Comment 3 for bug 1177986

Revision history for this message
Ken Harris (kengruven+lp) wrote :

Hmm, I see your point. I'd like to suggest a third possible option.

The Unicode standard has another flag on each character: Hex_Digit. This includes characters like FULLWIDTH_DIGIT_TWO and FULLWIDTH_LATIN_CAPITAL_LETTER_A, but not FEMININE_ORDINAL_INDICATOR or SUPERSCRIPT_TWO.

[http://en.wikipedia.org/wiki/Unicode_numerals#Hexadecimal_digits]

I don't know the exact definition of this flag, but it seems to me to be things which a user might reasonably use as hex digits, without either trying to be either super-tricky (and throwing weird numerals at us), or needing to change keyboard layouts (in order to get pure-ASCII from their number keys).

The big upside (and the reason that Unicode provides these properties, I believe) is that a user with a Japanese/Chinese/Korean keyboard setting can press the key marked "5" on their keyboard, and their software will recognize the fullwidth digit as the digit 5, even though it's not ASCII "5". It also means we only need to add the 16 "Fullwidth Form" digits, and don't need to do any decomposition.

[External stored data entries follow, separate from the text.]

Lemma bessel_coef_S m j :
  bessel_coef m (S j) = - bessel_coef m j / (INR (S j) * INR (S (j + m))).
Proof.
  rewrite /bessel_coef plus_Sn_m !INR_fact_S -tech_pow_Rmult.
  have := INR_fact_lt_0 j; have := INR_fact_lt_0 (j + m).
  have : 0 < INR (S j) by apply: lt_0_INR; lia.
  have : 0 < INR (S (j + m)) by apply: lt_0_INR; lia.
  move=> *; field; repeat split; lra.
Qed.

Lemma bessel_coef_S_order m j : bessel_coef (S m) j = bessel_coef m j / INR (S (j + m)).
Proof.
  rewrite /bessel_coef -plus_n_Sm INR_fact_S.
  have := INR_fact_lt_0 j; have := INR_fact_lt_0 (j + m).
  have : 0 < INR (S (j + m)) by apply: lt_0_INR; lia.
  move=> *; field; repeat split; lra.
Qed.

Lemma CV_radius_bessel_coef m : CV_radius (bessel_coef m) = p_infty.
Proof.
  apply: CV_radius_infinite_DAlembert; first exact: bessel_coef_neq0.
  have lim_inv : is_lim_seq (fun n => / INR (S n)) 0.
  { apply/(is_lim_seq_incr_1 (fun n => / INR n)).
    rewrite -[Finite 0]/(Rbar_inv p_infty).
    by apply: is_lim_seq_inv; [apply: is_lim_seq_INR|]. }
  apply: (is_lim_seq_le_le (fun _ => 0) _ (fun n => / INR (S n))) => [n||//].
  2: exact: is_lim_seq_const.
  have HSn : 0 < INR (S n) by apply: lt_0_INR; lia.
  have HSnm : 1 <= INR (S (n + m)) by apply: (le_INR 1); lia.
  rewrite bessel_coef_S.
  have -> : - bessel_coef m n / (INR (S n) * INR (S (n + m))) / bessel_coef m n
          = - (/ INR (S n) * / INR (S (n + m))).
  { by field; repeat split; try lra; apply: bessel_coef_neq0. }
  rewrite Rabs_Ropp Rabs_right; last by apply/Rle_ge/Rmult_le_pos; apply/Rlt_le/Rinv_0_lt_compat; lra.
  have Hinv : / INR (S (n + m)) <= 1 by rewrite -Rinv_1; apply: Rinv_le_contravar; lra.
  have : 0 < / INR (S n) by apply: Rinv_0_lt_compat.
  have : 0 < / INR (S (n + m)) by apply: Rinv_0_lt_compat; lra.
  nra.
Qed.

Lemma ex_pseries_bessel_coef m y : ex_pseries (bessel_coef m) y.
Proof. by apply: CV_radius_inside; rewrite CV_radius_bessel_coef. Qed.

Lemma is_derive_bessel_series m (y : R) :
  is_derive (bessel_series m) y (- bessel_series (S m) y).
Proof.
  have -> : - bessel_series (S m) y = PSeries (PS_derive (bessel_coef m)) y.
  { rewrite /bessel_series -PSeries_opp; apply: PSeries_ext => j.
    rewrite /PS_derive /PS_opp /opp bessel_coef_S bessel_coef_S_order; cbn -[INR].
    have : 0 < INR (S j) by apply: lt_0_INR; lia.
    have : 0 < INR (S (j + m)) by apply: lt_0_INR; lia.
    move=> *; field; lra. }
  by apply: is_derive_PSeries; rewrite CV_radius_bessel_coef.
Qed.

Lemma bessel_series_rec p y :
  bessel_series p y + y * bessel_series (S (S p)) y = INR (S p) * bessel_series (S p) y.
Proof.
  rewrite /bessel_series -PSeries_incr_1 -PSeries_plus -?PSeries_scal;
    try apply: ex_pseries_incr_1; try apply: ex_pseries_bessel_coef.
  apply: PSeries_ext => -[|i];
    rewrite /PS_plus /PS_scal /PS_incr_1 /bessel_coef /plus /scal /zero /mult;
    cbn -[fact INR pow].
  - have := INR_fact_lt_0 p; have : 0 < INR (S p) by apply: lt_0_INR; lia.
    have := INR_fact_lt_0 0; rewrite INR_fact_S; move=> *; field; lra.
  - rewrite -!plus_n_Sm !INR_fact_S !S_INR plus_INR -tech_pow_Rmult.
    have := INR_fact_lt_0 i; have := INR_fact_lt_0 (i + p).
    have := pos_INR i; have := pos_INR p.
    move=> *; field; repeat split; lra.
Qed.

The only downside I see is that this doesn't really scale beyond radix=16, but I think that allowing the Unicode Hex_Digit set up to hex, and then only ASCII for "g"/"G" through "z"/"Z" would be a fair compromise. I don't think I've ever actually seen a program that relied on parsing numbers of radix higher than 16, using the 0-9,A-Z set. (There's Base-64 encoding, but that uses a different ordering, and is case-sensitive, and adds other symbols at the end -- you can't use Common Lisp's numeric reading/printing support for that, anyway, no matter what we choose here.) Clearly it can't be that important to support Unicode decomposition out there, since SBCL has never supported non-ASCII letters for this.

I would be perfectly happy saying that G-Z radix support is ASCII-only, to meet the specification, and radix<=16 also works with the 16 Unicode fullwidth forms.